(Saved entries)
#####
(* Let $(\Omega,\mathcal F)$ be a measurable space and $\mathcal P$ a σ-convex family of probability measures on $\mathcal F$. The following are equivalent: (1) $\mathcal P$ has the class (S) property and, for a $\mathcal P$-q.s. disjointly supported alternative $\mathcal R$ of $\mathcal P$ with supports $\{S_Q\}_{Q\in\mathcal R}$, every $P\in\mathcal P$ satisfies $P\big(\bigcup_{Q\in\mathcal R(P)}S_Q\big)=1$; (2) $\mathcal P$ is pre-Hahn-localizable.
   Context: A set is $\mathcal P$-polar if contained in some $N\in\mathcal F$ with $P(N)=0$ for all $P\in\mathcal P$. A measure $\mu$ on $\mathcal F$ is supported with support $S\in\mathcal F$ if $\mu(\Omega\setminus S)=0$ and, whenever $N\in\mathcal F$ with $\mu(N\cap S)=0$, $N\cap S$ is $\mathcal P$-polar. $\mathcal P$ has the class (S) property if there is a family $\mathcal R$ of supported probability measures on $\mathcal F$ (a supported alternative) with the same null sets as $\mathcal P$; it is $\mathcal P$-q.s. disjointly supported if $S_Q\cap S_R$ is $\mathcal P$-polar for $Q\neq R$ in $\mathcal R$. $\mathcal R(P)=\{Q\in\mathcal R:P(S_Q)>0\}$. $\mathcal A\lll\mathcal B$ means every $A\in\mathcal A$ is absolutely continuous w.r.t. some $B\in\mathcal B$; $\mathrm{sconv}$ denotes countable convex combinations; σ-convex means closed under countable convex combinations. $\mathcal P$ is pre-Hahn-localizable if there are a family $\mathcal Q$ of probability measures on $\mathcal F$ and sets $S_Q\in\mathcal F$ with $Q(S_R)=\delta_{QR}$ for $Q,R\in\mathcal Q$ and $\mathcal Q\lll\mathcal P\lll\mathrm{sconv}(\mathcal Q)$. *)

From HB Require Import structures.
From mathcomp Require Import all_boot all_order all_algebra.
From mathcomp Require Import all_classical all_reals all_analysis.
Set Implicit Arguments. Unset Strict Implicit. Unset Printing Implicit Defensive.
Import Order.TTheory GRing.Theory Num.Theory.
Local Open Scope classical_set_scope.
Local Open Scope ring_scope.

Section Defs.
Context {d : measure_display} {T : measurableType d} {R : realType}.
Local Notation prob := (probability T R).

Definition polar (Ps : set prob) (A : set T) : Prop :=
  exists N, [/\ measurable N, A `<=` N & forall P, Ps P -> P N = 0%E].

Definition supported_with (Ps : set prob) (mu : prob) (S : set T) : Prop :=
  [/\ measurable S, mu (~` S) = 0%E &
      forall N, measurable N -> mu (N `&` S) = 0%E -> polar Ps (N `&` S)].

Definition same_null_sets (Ps Rs : set prob) : Prop :=
  forall N, measurable N ->
    ((forall P, Ps P -> P N = 0%E) <-> (forall Q, Rs Q -> Q N = 0%E)).

Definition supported_alternative (Ps Rs : set prob) (S : prob -> set T) : Prop :=
  (forall Q, Rs Q -> supported_with Ps Q (S Q)) /\ same_null_sets Ps Rs.

Definition class_S (Ps : set prob) : Prop :=
  exists Rs S, supported_alternative Ps Rs S.

Definition qs_disjointly_supported (Ps Rs : set prob) (S : prob -> set T) : Prop :=
  forall Q Q', Rs Q -> Rs Q' -> Q <> Q' -> polar Ps (S Q `&` S Q').

Definition RP (Rs : set prob) (S : prob -> set T) (P : prob) : set prob :=
  [set Q | Rs Q /\ (0 < P (S Q))%E].

(* mu (a set function on T) is a countable convex combination of elements
   of Qs, i.e. mu belongs to sconv(Qs) (equality checked on F). *)
Definition in_sconv (Qs : set prob) (mu : set T -> \bar R) : Prop :=
  exists (q : nat -> prob) (l : nat -> R),
    [/\ forall n, Qs (q n), forall n, 0 <= l n,
        (\sum_(0 <= n <oo) (l n)%:E)%E = 1%E &
        forall A, measurable A -> mu A = (\sum_(0 <= n <oo) (l n)%:E * q n A)%E].

Definition sigma_convex (Ps : set prob) : Prop :=
  forall mu, in_sconv Ps mu ->
    exists P, Ps P /\ forall A, measurable A -> P A = mu A.

Definition abs_cont (mu nu : set T -> \bar R) : Prop :=
  forall A, measurable A -> nu A = 0%E -> mu A = 0%E.

Definition lll (As Bs : set prob) : Prop :=
  forall A, As A -> exists B, Bs B /\ abs_cont A B.

Definition lll_sconv (Ps Qs : set prob) : Prop :=
  forall P, Ps P -> exists mu, in_sconv Qs mu /\ abs_cont P mu.

Definition pre_Hahn_localizable (Ps : set prob) : Prop :=
  exists (Qs : set prob) (S : prob -> set T),
    [/\ forall Q, Qs Q -> measurable (S Q),
        forall Q Q', Qs Q -> Qs Q' ->
          Q (S Q') = (if pselect (Q = Q') then 1 else 0)%E,
        lll Qs Ps & lll_sconv Ps Qs].

End Defs.

From mathcomp Require Import all_boot all_order all_algebra.
From mathcomp Require Import all_classical all_reals all_analysis.
Set Implicit Arguments. Unset Strict Implicit. Unset Printing Implicit Defensive.
Import Order.TTheory GRing.Theory Num.Theory.
Local Open Scope classical_set_scope.
Local Open Scope ring_scope.

(* Everything rests on exhaustion: in a family of measurable sets closed under
   countable unions, a member of maximal measure absorbs every other member up
   to a null set.

   (2) => (1): the localizing family itself, with the sets [S Q], is a q.s.
   disjointly supported alternative, and a [P] dominated by a countable convex
   combination of the [Q n] is carried by those [S (Q n)] that it charges.

   (1) => (2): the alternative itself is localizing. Its members [Q] charged
   by a given [P] have supports that overlap only in [P]-null sets, so there
   are countably many of them and [P] is dominated by their geometric mixture.
   Finally, sigma-convexity makes the sets on which [Q] is dominated by some
   member of [Ps] closed under countable unions; a maximal one exhausts the
   support of [Q], which yields a single member of [Ps] dominating [Q]. *)

Section exhaustion.
Context d (T : measurableType d) (R : realType).
Variable mu : {finite_measure set T -> \bar R}.
Local Open Scope ereal_scope.

Lemma measure_exhaustion (F : set (set T)) :
  (forall A, F A -> measurable A) -> F !=set0 ->
  (forall A_ : (set T)^nat, (forall n, F (A_ n)) -> F (\bigcup_n A_ n)) ->
  exists2 B, F B & forall A, F A -> mu (A `\` B) = 0.
Proof.
move=> Fm [A0 FA0] Fcup.
pose s := ereal_sup [set mu A | A in F].
have s_ub A : F A -> mu A <= s by move=> FA; apply: ereal_sup_ubound; exists A.
have s_fin : s \is a fin_num.
  rewrite ge0_fin_numE; last exact: le_trans (measure_ge0 mu A0) (s_ub _ FA0).
  apply: le_lt_trans (_ : mu setT < +oo); last by rewrite ltey_eq fin_num_measure.
  apply: ge_ereal_sup => _ [A FA <-]; apply: le_measure; rewrite ?inE //; exact: Fm.
have /choice [A_ FA_] : forall n : nat,
    exists A, F A /\ s - (n.+1%:R^-1)%:E < mu A.
  move=> n.
  have e_gt0 : (0 < n.+1%:R^-1 :> R)%R by rewrite invr_gt0.
  have [_ [A FA <-] ?] := ub_ereal_sup_adherent e_gt0 s_fin.
  by exists A.
pose B := \bigcup_n A_ n.
have FB : F B by apply: Fcup => n; case: (FA_ n).
have s_le_B : s <= mu B.
  apply/lee_addgt0Pr => e e0.
  have [n _ /(_ n (leqnn n)) ne] := near_infty_natSinv_lt (PosNum e0).
  have [FAn] := FA_ n; rewrite lteBlDr // => /ltW/le_trans; apply.
  apply: leeD; last by rewrite lee_fin ltW.
  by apply: le_measure; rewrite ?inE; [exact: Fm|exact: Fm|exact: bigcup_sup].
exists B => // A FA.
have FAB : F (A `|` B).
  suff -> : A `|` B = \bigcup_n (if n is 0 then A else B) by apply: Fcup => -[|].
  apply/seteqP; split => [x [Ax|Bx]|x [[|n] _ ?]]; by [exists 0%N|exists 1%N|left|right].
have := le_trans (s_ub _ FAB) s_le_B.
have mA := Fm _ FA; have mB := Fm _ FB.
have -> : A `|` B = B `|` (A `\` B) by rewrite setUDr setDv setD0 setUC.
rewrite measureU ?setDIK //; last exact: measurableD.
rewrite -[leRHS]adde0 leeD2lE ?fin_num_measure // => le0.
by apply/eqP; rewrite -measure_le0.
Qed.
#####
WORK TO COMPLETE: Retype exactly the lines of the data above that fall between the line with "forall N, measurable N -> mu" and the line with "of Qs, i.e.", inclusive, and add nothing.

ANSWER TO THIS TASK:
      forall N, measurable N -> mu (N `&` S) = 0%E -> polar Ps (N `&` S)].

Definition same_null_sets (Ps Rs : set prob) : Prop :=
  forall N, measurable N ->
    ((forall P, Ps P -> P N = 0%E) <-> (forall Q, Rs Q -> Q N = 0%E)).

Definition supported_alternative (Ps Rs : set prob) (S : prob -> set T) : Prop :=
  (forall Q, Rs Q -> supported_with Ps Q (S Q)) /\ same_null_sets Ps Rs.

Definition class_S (Ps : set prob) : Prop :=
  exists Rs S, supported_alternative Ps Rs S.

Definition qs_disjointly_supported (Ps Rs : set prob) (S : prob -> set T) : Prop :=
  forall Q Q', Rs Q -> Rs Q' -> Q <> Q' -> polar Ps (S Q `&` S Q').

Definition RP (Rs : set prob) (S : prob -> set T) (P : prob) : set prob :=
  [set Q | Rs Q /\ (0 < P (S Q))%E].

(* mu (a set function on T) is a countable convex combination of elements
   of Qs, i.e. mu belongs to sconv(Qs) (equality checked on F). *)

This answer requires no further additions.